Task directions: Scan the entries for the word "mathcomp" and return every line that has it.

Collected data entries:
Start of Block

(* Let $I$ be a finite set of positive integers. Then there are real numbers $c_k$, $k\in I\cup\{0\}$, such that $$d(I;z)=c_0+\sum_{k\in I}c_k\, z^{\underline{k}},$$ and $\frac{1}{k!}\le |c_k|\le 1$ for every $k\in I\cup\{0\}$.
   Context: $z^{\underline{k}}=z(z-1)\cdots(z-k+1)$ is the falling factorial ($z^{\underline 0}=1$). $d(I;z)$ is the descent polynomial: the unique polynomial whose value at each integer $n>\max(I\cup\{0\})$ is the number of permutations $\pi\in\mathfrak S_n$ with $\{j\mid\pi_j>\pi_{j+1}\}=I$. *)

From HB Require Import structures.
From mathcomp Require Import all_boot all_order all_algebra all_fingroup.
Set Implicit Arguments. Unset Strict Implicit. Unset Printing Implicit Defensive.
Import Order.TTheory GRing.Theory Num.Theory.
Local Open Scope ring_scope.

(* Position j (1-indexed, 1 <= j <= n-1) is a descent of s : 'S_n, i.e.
   pi_j > pi_{j+1}, where pi_j := s (j-1) (0-indexed permutation on 'I_n). *)
Definition is_desc (n : nat) (s : 'S_n) (j : nat) : bool :=
  [exists i : 'I_n, [exists k : 'I_n,
     [&& i.+1 == j, val k == j & (val (s k) < val (s i))%N]]].

(* number of permutations of S_n whose descent set is exactly I
   (descent positions always lie in 1..n-1, so quantifying over j < n suffices
    when max I < n) *)
Definition descent_count (I : seq nat) (n : nat) : nat :=
  #|[set s : 'S_n | [forall j : 'I_n, (val j \in I) == is_desc s j]]|.

Definition falling (R : nzRingType) (k : nat) : {poly R} :=
  \prod_(i < k) ('X - (i%:R)%:P).

Definition is_descent_poly (R : nzRingType) (I : seq nat) (p : {poly R}) : Prop :=
  forall n : nat, (\max_(i <- I) i < n)%N -> p.[n%:R] = (descent_count I n)%:R.

From HB Require Import structures.
From mathcomp Require Import all_boot all_order all_algebra all_fingroup zify.
Import Order.TTheory GRing.Theory Num.Theory.
Set Implicit Arguments. Unset Strict Implicit. Unset Printing Implicit Defensive.

(* Let m be the largest element of I and J = I \ {m}.  For n > m, a permutation
   of S_n whose descents agree with J except possibly at m has no descent after
   m, so it is determined by the set A of its first m values and by the relative
   order of these values, a permutation of S_m with descent set J; every such
   pair occurs.  Splitting according to whether m is a descent gives
   d(I;n) + d(J;n) = C(n,m) d(J;m), i.e.
     d(I;z) = d(J;m)/m! z^{\underline m} - d(J;z).
   By induction, the coefficients of d(I;z) in the falling factorial basis are,
   up to sign, 1 and the ratios d(J_k;k)/k! for k in I, with 1 <= d(J_k;k) <= k!. *)

Section SortedEnum.
Variables (n : nat) (A : {set 'I_n}).

Let ltn_ord_trans : transitive (relpre (@nat_of_ord n) ltn).
Proof. by move=> j i k; apply: ltn_trans. Qed.

Lemma sorted_enum_ord : sorted (relpre val ltn) (enum A).
Proof.
rewrite /enum_mem -enumT (sorted_filter ltn_ord_trans) //.
by have := iota_ltn_sorted 0 n; rewrite -val_enum_ord sorted_map.
Qed.

Lemma ltn_nth_enum x0 a b : a < #|A| -> b < #|A| ->
  (nth x0 (enum A) a < nth x0 (enum A) b) = (a < b).
Proof.
rewrite cardE => ha hb.
have lt_nth := sorted_ltn_nth ltn_ord_trans x0 sorted_enum_ord.
case: (ltngtP a b) => [ab|ba|->]; rewrite ?ltnn //; first exact: lt_nth.
by apply/negbTE; rewrite -leqNgt ltnW //; apply: lt_nth.
Qed.

Lemma ltn_index_enum x y : x \in A -> y \in A ->
  (index x (enum A) < index y (enum A)) = (x < y).
Proof.
rewrite -[x \in A]mem_enum -[y \in A]mem_enum => xA yA.
rewrite -[in RHS](nth_index x xA) -[in RHS](nth_index x yA).
by rewrite ltn_nth_enum ?cardE ?index_mem.
Qed.

End SortedEnum.

Section WordPerm.
Variable n : nat.

Lemma nth_word_inj (w : seq 'I_n) :
  uniq w && (size w == n) -> injective (fun i : 'I_n => nth i w i).
Proof.
case/andP=> w_uniq /eqP size_w i j; rewrite (set_nth_default i j) ?size_w //.
by move/eqP; rewrite nth_uniq ?size_w // => /eqP/val_inj.
Qed.

Definition word_perm (w : seq 'I_n) : 'S_n :=
  if @idP (uniq w && (size w == n)) is ReflectT w_ok then perm (nth_word_inj w_ok)
  else 1%g.

Lemma word_permE w i : uniq w -> size w = n -> word_perm w i = nth i w i.
Proof.
move=> w_uniq /eqP size_w; rewrite /word_perm.
by case: {-}_ / idP => [w_ok|]; [rewrite permE | rewrite w_uniq size_w].
Qed.

Lemma word_permK (s : 'S_n) : word_perm [seq s i | i <- enum 'I_n] = s.
Proof.
apply/permP => i; rewrite word_permE ?size_map ?size_enum_ord.
- by rewrite (nth_map i) ?size_enum_ord // nth_ord_enum.
- by rewrite (map_inj_uniq perm_inj) enum_uniq.
- by rewrite -enumT size_enum_ord.
Qed.

End WordPerm.

Lemma is_descE n (s : 'S_n) (i k : 'I_n) : val k = i.+1 -> is_desc s k = (s k < s i).
Proof.
move=> ki; apply/existsP/idP => [[i' /existsP[k' /and3P[/eqP i'k /eqP k'k]]]|lt_ki].
  have -> : k' = k by apply: val_inj; rewrite k'k.
  by have -> : i' = i by apply/val_inj/succn_inj; rewrite i'k ki.
by exists i; apply/existsP; exists k; rewrite lt_ki -ki !eqxx.
Qed.

Lemma is_desc0 n (s : 'S_n) : is_desc s 0 = false.
Proof. by apply/existsP => -[i /existsP[k /and3P[]]]. Qed.

Lemma is_desc_ge n (s : 'S_n) j : n <= j -> is_desc s j = false.
Proof.
move=> nj; apply/existsP => -[i /existsP[k /and3P[_ /eqP kj _]]].
by move: (ltn_ord k); rewrite kj ltnNge nj.
Qed.

(* [glue A t] is the permutation whose one-line notation lists the elements of
   A in the relative order t, followed by the complement of A in increasing
   order; [prefix_set] and [prefix_std] recover A and t.  The default values of
   [nth] in [glue_word] are junk. *)
Section Glue.
Variables (n m : nat) (le_mn : m <= n).
Local Notation widen := (widen_ord le_mn).

Lemma take_enum_ord : take m (enum 'I_n) = map widen (enum 'I_m).
Proof.
apply: (inj_map val_inj); rewrite map_take val_enum_ord take_iota (minn_idPl le_mn).
by rewrite -map_comp (eq_map (_ : val \o widen =1 val)) // val_enum_ord.
Qed.

Lemma mem_drop_enum_ord i : (i \in drop m (enum 'I_n)) = (m <= i).
Proof.
rewrite -(mem_map val_inj) map_drop val_enum_ord drop_iota mem_iota add0n.
by rewrite subnKC // ltn_ord andbT.
Qed.

Definition glue_word (A : {set 'I_n}) (t : 'S_m) : seq 'I_n :=
  [seq nth (widen k) (enum A) (t k) | k <- enum 'I_m] ++ enum (~: A).

Definition glue A t : 'S_n := word_perm (glue_word A t).

Definition prefix_set (s : 'S_n) : {set 'I_n} := [set s (widen k) | k : 'I_m].

Lemma mem_prefix_set (s : 'S_n) i : (s i \in prefix_set s) = (i < m).
Proof.
apply/imsetP/idP => [[k _ /perm_inj ->] | lt_im]; first by rewrite /= ltn_ord.
by exists (Ordinal lt_im) => //; congr (s _); apply: val_inj.
Qed.

Lemma card_prefix_set (s : 'S_n) : #|prefix_set s| = m.
Proof.
by rewrite card_imset ?card_ord // => k l /perm_inj [] /val_inj.
Qed.

Lemma index_prefix_set_lt (s : 'S_n) k : index (s (widen k)) (enum (prefix_set s)) < m.
Proof.
by rewrite -[m in _ < m](card_prefix_set s) cardE index_mem mem_enum mem_prefix_set /=.
Qed.

Definition prefix_rank (s : 'S_n) k : 'I_m := Ordinal (index_prefix_set_lt s k).

Lemma prefix_rank_inj (s : 'S_n) : injective (prefix_rank s).
Proof.
move=> k l /(congr1 val) /(congr1 (nth (s (widen k)) (enum (prefix_set s)))).
by rewrite !nth_index ?mem_enum ?mem_prefix_set //= => /perm_inj [] /val_inj.
Qed.

Definition prefix_std (s : 'S_n) : 'S_m := perm (@prefix_rank_inj s).

Lemma prefix_stdE (s : 'S_n) k :
  prefix_std s k = index (s (widen k)) (enum (prefix_set s)) :> nat.
Proof. by rewrite permE. Qed.

Lemma is_desc_prefix_std (s : 'S_n) j : j < m -> is_desc (prefix_std s) j = is_desc s j.
Proof.
case: j => [|j] lt_jm; first by rewrite !is_desc0.
have lt_j := ltnW lt_jm.
rewrite (@is_descE _ _ (Ordinal lt_j) (Ordinal lt_jm)) //.
rewrite (@is_descE _ _ (widen (Ordinal lt_j)) (widen (Ordinal lt_jm))) //.
by rewrite !prefix_stdE ltn_index_enum ?mem_prefix_set.
Qed.

Section GlueSet.
Variables (A : {set 'I_n}) (t : 'S_m).
Hypothesis card_A : #|A| = m.

Let size_enumA : size (enum A) = m.
Proof. by rewrite -cardE. Qed.

Let card_setCA : #|~: A| = n - m.
Proof. by rewrite -[in RHS](card_ord n) -(cardsC A) card_A addKn. Qed.

Lemma glue_word_uniq : uniq (glue_word A t).
Proof.
rewrite cat_uniq enum_uniq andbT; apply/andP; split.
  rewrite map_inj_in_uniq ?enum_uniq // => k l _ _.
  rewrite (set_nth_default (widen k) (widen l)) ?size_enumA //.
  move/eqP; rewrite nth_uniq ?enum_uniq ?size_enumA //.
  by move/eqP/val_inj/perm_inj.
apply/hasPn => y; rewrite mem_enum inE => yNA; apply/mapP => -[k _ y_nth].
by move: yNA; rewrite y_nth -mem_enum mem_nth // size_enumA.
Qed.

Lemma size_glue_word : size (glue_word A t) = n.
Proof.
rewrite size_cat size_map size_enum_ord -cardE -card_A cardsC.
by rewrite card_ord.
Qed.

Lemma glue_widen x0 k : glue A t (widen k) = nth x0 (enum A) (t k).
Proof.
rewrite word_permE ?glue_word_uniq ?size_glue_word // nth_cat size_map size_enum_ord.
rewrite /= ltn_ord (nth_map k) ?size_enum_ord //= nth_ord_enum.
by rewrite (set_nth_default x0) ?size_enumA.
Qed.

Lemma glue_ge x0 (i : 'I_n) : m <= i -> glue A t i = nth x0 (enum (~: A)) (i - m).
Proof.
move=> le_mi; rewrite word_permE ?glue_word_uniq ?size_glue_word //.
rewrite nth_cat size_map size_enum_ord ltnNge le_mi /= (set_nth_default x0) //.
by rewrite -cardE card_setCA ltn_sub2r // (leq_ltn_trans le_mi).
Qed.

Lemma is_desc_glue_lt j : j < m -> is_desc (glue A t) j = is_desc t j.
Proof.
case: j => [|j] lt_jm; first by rewrite !is_desc0.
have lt_j := ltnW lt_jm.
rewrite (@is_descE _ _ (Ordinal lt_j) (Ordinal lt_jm)) //.
rewrite (@is_descE _ _ (widen (Ordinal lt_j)) (widen (Ordinal lt_jm))) //.
by rewrite !(glue_widen (widen (Ordinal lt_j))) ltn_nth_enum ?card_A.
Qed.

Lemma is_desc_glue_gt j : m < j -> is_desc (glue A t) j = false.
Proof.
move=> lt_mj; case: (leqP n j) => [/is_desc_ge // | lt_jn].
case: j lt_mj lt_jn => [//|j] lt_mj lt_jn; have lt_j := ltnW lt_jn.
rewrite (@is_descE _ _ (Ordinal lt_j) (Ordinal lt_jn)) //.
rewrite !(glue_ge (Ordinal lt_j)) ?(ltnW lt_mj) //= ltn_nth_enum ?card_setCA.
- by rewrite ltnNge leq_sub2r.
all: exact: ltn_sub2r (ltn_trans lt_mj lt_jn) _.
Qed.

End of Block

Output of the exercise:
From mathcomp Require Import all_boot all_order all_algebra all_fingroup.
From mathcomp Require Import all_boot all_order all_algebra all_fingroup zify.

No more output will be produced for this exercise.